YOUR INSTRUCTIONS
Output the line that contains "(cvg_almost_invariant mp mBs mB EBs BsB).", then every line beneath it through the end of the records, exactly as given and with no other lines.

Data items

(* Let $(\Omega,\Sigma,\mu;\phi)$ be a bimeasurable measure preserving dynamical system such that for every $A\in\Sigma$ the sequence $(\phi^n(A))_{n\in\mathbb{N}}$ converges in the measure algebra $\Sigma/\sim$. Then $\Sigma_\infty\subseteq\overline{\Sigma_{\mathrm{inv}}}$.
   Context: A measure preserving dynamical system $(\Omega,\Sigma,\mu;\phi)$ is a probability space with a measurable map $\phi\colon\Omega\to\Omega$ such that $\mu(\phi^{-1}(A))=\mu(A)$ for all $A\in\Sigma$; it is bimeasurable if $\phi^{-1}(A),\phi(A)\in\Sigma$ for all $A\in\Sigma$. $A\sim B$ iff $\mu(A\triangle B)=0$; $\Sigma/\sim$ is the set of equivalence classes with metric $d(A,B)=\mu(A\triangle B)$. $\Sigma_n=\{\phi^{-n}(A):A\in\Sigma\}$, $\Sigma_\infty=\bigcap_{n\in\mathbb{N}}\Sigma_n$, $\Sigma_{\mathrm{inv}}=\{A\in\Sigma:\phi^{-1}(A)=A\}$, and $\overline{\Sigma_{\mathrm{inv}}}=\{A\in\Sigma:\exists B\in\Sigma_{\mathrm{inv}},\ \mu(A\triangle B)=0\}$. *)

From HB Require Import structures.
From mathcomp Require Import all_boot all_order all_algebra.
From mathcomp Require Import all_classical all_reals all_analysis.
Set Implicit Arguments. Unset Strict Implicit. Unset Printing Implicit Defensive.
Import Order.TTheory GRing.Theory Num.Theory.
Local Open Scope classical_set_scope.
Local Open Scope ring_scope.

Definition symdiff (T : Type) (A B : set T) : set T := (A `\` B) `|` (B `\` A).

Definition measure_preserving d (T : measurableType d) (R : realType)
  (mu : set T -> \bar R) (phi : T -> T) : Prop :=
  measurable_fun setT phi /\
  forall A, measurable A -> mu (phi @^-1` A) = mu A.

Definition bimeasurable d (T : measurableType d) (phi : T -> T) : Prop :=
  forall A : set T, measurable A ->
    measurable (phi @^-1` A) /\ measurable (phi @` A).

(* (phi^n(A))_n converges in the measure algebra Sigma/~ with metric
   d(A,B) = mu(A \triangle B): some measurable B is the limit *)
Definition image_seq_converges d (T : measurableType d) (R : realType)
  (mu : set T -> \bar R) (phi : T -> T) (A : set T) : Prop :=
  exists B : set T, measurable B /\
    (fun n : nat => mu (symdiff (iter n phi @` A) B)) @ \oo --> 0%E.

Definition Sigma_n d (T : measurableType d) (phi : T -> T) (n : nat) : set (set T) :=
  [set E | exists A, measurable A /\ E = iter n phi @^-1` A].

Definition Sigma_infty d (T : measurableType d) (phi : T -> T) : set (set T) :=
  [set E | forall n : nat, Sigma_n phi n E].

Definition Sigma_inv d (T : measurableType d) (phi : T -> T) : set (set T) :=
  [set A | measurable A /\ phi @^-1` A = A].

(* closure of Sigma_inv: sets a.e.-equal to an invariant set *)
Definition Sigma_inv_bar d (T : measurableType d) (R : realType)
  (mu : set T -> \bar R) (phi : T -> T) : set (set T) :=
  [set A | measurable A /\ exists B, Sigma_inv phi B /\ mu (symdiff A B) = 0%E].

(* Write E = phi^-n(A_n) for every n, so that phi^-n(phi^n E) = E, and let B be a limit
   of B_n = phi^n E.  Then phi^-1 B_(n+1) and B_n have the same phi^-n-preimage E, hence
   coincide a.e.; as phi^-1 is an isometry of the measure algebra,
   d(phi^-1 B, B) <= d(B, B_(n+1)) + d(B_n, B) -> 0.  So B is almost invariant, hence
   d(phi^-n B, B) = 0 for all n and
   d(E, B) <= d(phi^-n B_n, phi^-n B) + d(phi^-n B, B) = d(B_n, B) -> 0.
   Finally an almost invariant B is a.e. equal to the invariant set limsup_n phi^-n B. *)

From HB Require Import structures.
From mathcomp Require Import all_boot all_order all_algebra.
From mathcomp Require Import all_classical all_reals all_analysis.
Set Implicit Arguments. Unset Strict Implicit. Unset Printing Implicit Defensive.
Import Order.TTheory.
Local Open Scope classical_set_scope.
Local Open Scope ring_scope.

Section symdiff_sets.
Context (T : Type).
Implicit Types A B C : set T.

Lemma symdiffC A B : symdiff A B = symdiff B A.
Proof. by rewrite /symdiff setUC. Qed.

Lemma symdiffxx A : symdiff A A = set0.
Proof. by apply/seteqP; split => x //= [[]|[]]. Qed.

Lemma symdiff_subU A B C : symdiff A C `<=` symdiff A B `|` symdiff B C.
Proof.
move=> x [[xA xC]|[xC xA]]; have [xB|xB] := pselect (B x).
- by right; left.
- by left; left.
- by left; right.
- by right; right.
Qed.

Lemma preimage_symdiff (f : T -> T) A B :
  f @^-1` symdiff A B = symdiff (f @^-1` A) (f @^-1` B).
Proof. by apply/seteqP; split => x /=. Qed.

End symdiff_sets.

Lemma measurable_symdiff d (T : ringOfSetsType d) (A B : set T) :
  measurable A -> measurable B -> measurable (symdiff A B).
Proof. by move=> mA mB; apply: measurableU; apply: measurableD. Qed.

Lemma preimage_image_preimage (aT rT : Type) (f : aT -> rT) (A : set rT) :
  f @^-1` (f @` (f @^-1` A)) = f @^-1` A.
Proof.
apply/seteqP; split => [x [y Ay fyx]|]; last exact: preimage_image.
by rewrite /= -fyx.
Qed.

Section content_symdiff.
Local Open Scope ereal_scope.
Context d (T : ringOfSetsType d) (R : realFieldType).
Variable mu : {content set T -> \bar R}.

Lemma content_symdiff_le (A B C : set T) :
  measurable A -> measurable B -> measurable C ->
  mu (symdiff A C) <= mu (symdiff A B) + mu (symdiff B C).
Proof.
move=> mA mB mC.
apply: le_trans (measureU2 mu (measurable_symdiff mA mB) (measurable_symdiff mB mC)).
apply: le_measure; rewrite ?inE; last exact: symdiff_subU.
- exact: measurable_symdiff.
- by apply: measurableU; exact: measurable_symdiff.
Qed.

Lemma null_symdiff_trans (A B C : set T) :
  measurable A -> measurable B -> measurable C ->
  mu (symdiff A B) = 0 -> mu (symdiff B C) = 0 -> mu (symdiff A C) = 0.
Proof.
move=> mA mB mC AB0 BC0; apply/eqP; rewrite -measure_le0.
by rewrite (le_trans (content_symdiff_le mA mB mC)) // AB0 BC0 adde0.
Qed.

Lemma measure_le_cvg0 (A : set T) (v : nat -> \bar R) :
  (forall n, mu A <= v n) -> v @ \oo --> 0 -> mu A = 0.
Proof.
move=> Av v0; apply/eqP; rewrite -measure_le0 -(cvg_lim _ v0) //.
by apply: lime_ge; [apply/cvg_ex; exists 0 | exact: nearW].
Qed.

End content_symdiff.

Section lim_sup_set_sets.
Context (T : Type).

Lemma symdiff_lim_sup_set_sub (B : set T) (F : (set T)^nat) :
  symdiff B (lim_sup_set F) `<=` \bigcup_n symdiff (F n) B.
Proof.
move=> x [[Bx nsupFx]|[supFx nBx]].
  have [n nFx] : exists n, ~ (\bigcup_(j >= n) F j) x.
    by apply/existsNP => Fx; apply: nsupFx => n _; exact: Fx.
  by exists n => //; right; split => // Fnx; apply: nFx; exists n => /=.
by have [j _ Fjx] := supFx 0%N I; exists j => //; left.
Qed.

Lemma preimage_lim_sup_set_iter (f : T -> T) (B : set T) :
  f @^-1` lim_sup_set (fun n => iter n f @^-1` B) =
  lim_sup_set (fun n => iter n f @^-1` B).
Proof.
apply/seteqP; split => x supx n _.
  have [j /= nj Bj] := supx n I.
  by exists j.+1; [exact: leqW | rewrite /preimage /= -iterS iterSr].
have [[|j] /= nj Bj] := supx n.+1 I; first by [].
by exists j => //; move: Bj; rewrite /preimage /= -iterS iterSr.
Qed.

End lim_sup_set_sets.

Section iterates.
Context d (T : measurableType d) (phi : T -> T).

Lemma measurable_iter_preimage n (X : set T) : measurable_fun setT phi ->
  measurable X -> measurable (iter n phi @^-1` X).
Proof.
move=> mphi; elim: n X => // n IH X mX; apply: (IH (phi @^-1` X)).
by rewrite -[_ @^-1` _]setTI; exact: mphi measurableT _ mX.
Qed.

Lemma measurable_iter_image n (X : set T) : bimeasurable phi ->
  measurable X -> measurable (iter n phi @` X).
Proof.
move=> bm mX; elim: n => [|n IH]; first by rewrite /= image_id.
by rewrite /= -image_comp; exact: (bm _ IH).2.
Qed.

Lemma measurable_lim_sup_set_iter_preimage (B : set T) :
  measurable_fun setT phi -> measurable B ->
  measurable (lim_sup_set (fun n => iter n phi @^-1` B)).
Proof.
move=> mphi mB; apply: bigcapT_measurable => k.
by apply: bigcup_measurable => j _; exact: measurable_iter_preimage.
Qed.

End iterates.

Section measure_preserving.
Local Open Scope ereal_scope.
Context d (T : measurableType d) (R : realType).
Variables (mu : {measure set T -> \bar R}) (phi : T -> T).
Hypothesis mp : measure_preserving mu phi.

Let mpreimage_iter n (X : set T) :
  measurable X -> measurable (iter n phi @^-1` X).
Proof. exact: measurable_iter_preimage mp.1. Qed.

Let mpreimage (X : set T) : measurable X -> measurable (phi @^-1` X).
Proof. by move=> mX; rewrite -[_ @^-1` _]setTI; exact: mp.1. Qed.

Lemma measure_iter_preimage n (X : set T) :
  measurable X -> mu (iter n phi @^-1` X) = mu X.
Proof.
elim: n X => // n IH X mX.
by rewrite (IH (phi @^-1` X)) ?mp.2 //; exact: mpreimage.
Qed.

Lemma measure_symdiff_preimage (X Y : set T) :
  measurable X -> measurable Y ->
  mu (symdiff (phi @^-1` X) (phi @^-1` Y)) = mu (symdiff X Y).
Proof.
by move=> mX mY; rewrite -preimage_symdiff mp.2 //; exact: measurable_symdiff.
Qed.

Lemma measure_symdiff_iter_preimage n (X Y : set T) :
  measurable X -> measurable Y ->
  mu (symdiff (iter n phi @^-1` X) (iter n phi @^-1` Y)) = mu (symdiff X Y).
Proof.
by move=> mX mY; rewrite -preimage_symdiff measure_iter_preimage //;
  exact: measurable_symdiff.
Qed.

Lemma null_symdiff_iter_preimage_eq n (X Y : set T) :
  measurable X -> measurable Y -> iter n phi @^-1` X = iter n phi @^-1` Y ->
  mu (symdiff X Y) = 0.
Proof.
move=> mX mY XY.
by rewrite -(measure_symdiff_iter_preimage n mX mY) XY symdiffxx measure0.
Qed.

Lemma almost_invariant_iter (B : set T) : measurable B ->
  mu (symdiff (phi @^-1` B) B) = 0 ->
  forall n, mu (symdiff (iter n phi @^-1` B) B) = 0.
Proof.
move=> mB B0; elim=> [|n IH]; first by rewrite /= symdiffxx measure0.
have mB1 := mpreimage mB.
have step_null :
    mu (symdiff (iter n phi @^-1` (phi @^-1` B)) (iter n phi @^-1` B)) = 0.
  by rewrite measure_symdiff_iter_preimage.
exact: null_symdiff_trans (mpreimage_iter n mB1) (mpreimage_iter n mB) mB
  step_null IH.
Qed.

Lemma almost_invariant_ae_invariant (B : set T) : measurable B ->
  mu (symdiff (phi @^-1` B) B) = 0 ->
  exists C, Sigma_inv phi C /\ mu (symdiff B C) = 0.
Proof.
move=> mB B0; pose C := lim_sup_set (fun n => iter n phi @^-1` B).
have mC : measurable C by exact: measurable_lim_sup_set_iter_preimage mp.1 mB.
exists C; split; first by split => //; exact: preimage_lim_sup_set_iter.
apply/eqP; rewrite -measure_le0.
have mF n : measurable (symdiff (iter n phi @^-1` B) B).
  by apply: measurable_symdiff => //; exact: mpreimage_iter.
apply: le_trans (measure_sigma_subadditive mu mF (measurable_symdiff mB mC)
  (@symdiff_lim_sup_set_sub _ _ _)) _.
by rewrite eseries0 // => n _ _; exact: almost_invariant_iter.
Qed.

Section iter_preimage_constant.
Variables (E B : set T) (Bs : (set T)^nat).
Hypotheses (mBs : forall n, measurable (Bs n)) (mB : measurable B).
Hypothesis EBs : forall n, iter n phi @^-1` Bs n = E.
Hypothesis BsB : (fun n => mu (symdiff (Bs n) B)) @ \oo --> 0.

Lemma cvg_almost_invariant : mu (symdiff (phi @^-1` B) B) = 0.
Proof.
have shift_null n : mu (symdiff (phi @^-1` Bs n.+1) (Bs n)) = 0.
  by apply: (null_symdiff_iter_preimage_eq (n := n) (mpreimage (mBs n.+1)) (mBs n));
    rewrite EBs; exact: EBs n.+1.
apply: (measure_le_cvg0 (v := fun n => mu (symdiff (Bs n.+1) B) + mu (symdiff (Bs n) B))).
  move=> n; have mB1 := mpreimage mB; have mBs1 := mpreimage (mBs n.+1).
  apply: le_trans (content_symdiff_le mu mB1 mBs1 mB) _.
  (* [/=] turns [mu] seen as a content back into [mu] seen as a measure *)
  rewrite /= measure_symdiff_preimage // symdiffC; apply: leeD => //.
  apply: le_trans (content_symdiff_le mu mBs1 (mBs n) mB) _.
  by rewrite /= shift_null add0e.
rewrite -[X in _ --> X]adde0; apply: cvgeD => //.
by rewrite (cvg_shiftS (fun n => mu (symdiff (Bs n) B))).
Qed.

Lemma null_symdiff_iter_preimage_limit : mu (symdiff E B) = 0.
Proof.
have mE : measurable E by rewrite -(EBs 0); exact: mBs.
apply: (measure_le_cvg0 (v := fun n => mu (symdiff (Bs n) B))) => // n.
apply: le_trans (content_symdiff_le mu mE (mpreimage_iter n mB) mB) _.
rewrite /= almost_invariant_iter // ?cvg_almost_invariant // adde0 -(EBs n).
by rewrite measure_symdiff_iter_preimage.
Qed.

End iter_preimage_constant.

End measure_preserving.

Theorem lemma3p4 (d : measure_display) (T : measurableType d) (R : realType)
  (mu : probability T R) (phi : T -> T) :
  measure_preserving mu phi ->
  bimeasurable phi ->
  (forall A : set T, measurable A -> image_seq_converges mu phi A) ->
  Sigma_infty phi `<=` Sigma_inv_bar mu phi.
Proof.
move=> mp bm conv E SE.
have mE : measurable E by have [A [mA ->]] := SE 0%N.
pose Bs n := iter n phi @` E.
have mBs n : measurable (Bs n) by exact: measurable_iter_image.
have EBs n : iter n phi @^-1` Bs n = E.
  by rewrite /Bs; have [A [_ ->]] := SE n; exact: preimage_image_preimage.
have [B [mB BsB]] := conv E mE.
have [C [invC BC]] := almost_invariant_ae_invariant mp mB
  (cvg_almost_invariant mp mBs mB EBs BsB).
split => //; exists C; split => //.
exact: null_symdiff_trans mE mB invC.1
  (null_symdiff_iter_preimage_limit mp mBs mB EBs BsB) BC.
Qed.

RESPONSE AREA
  (cvg_almost_invariant mp mBs mB EBs BsB).
split => //; exists C; split => //.
exact: null_symdiff_trans mE mB invC.1
  (null_symdiff_iter_preimage_limit mp mBs mB EBs BsB) BC.
Qed.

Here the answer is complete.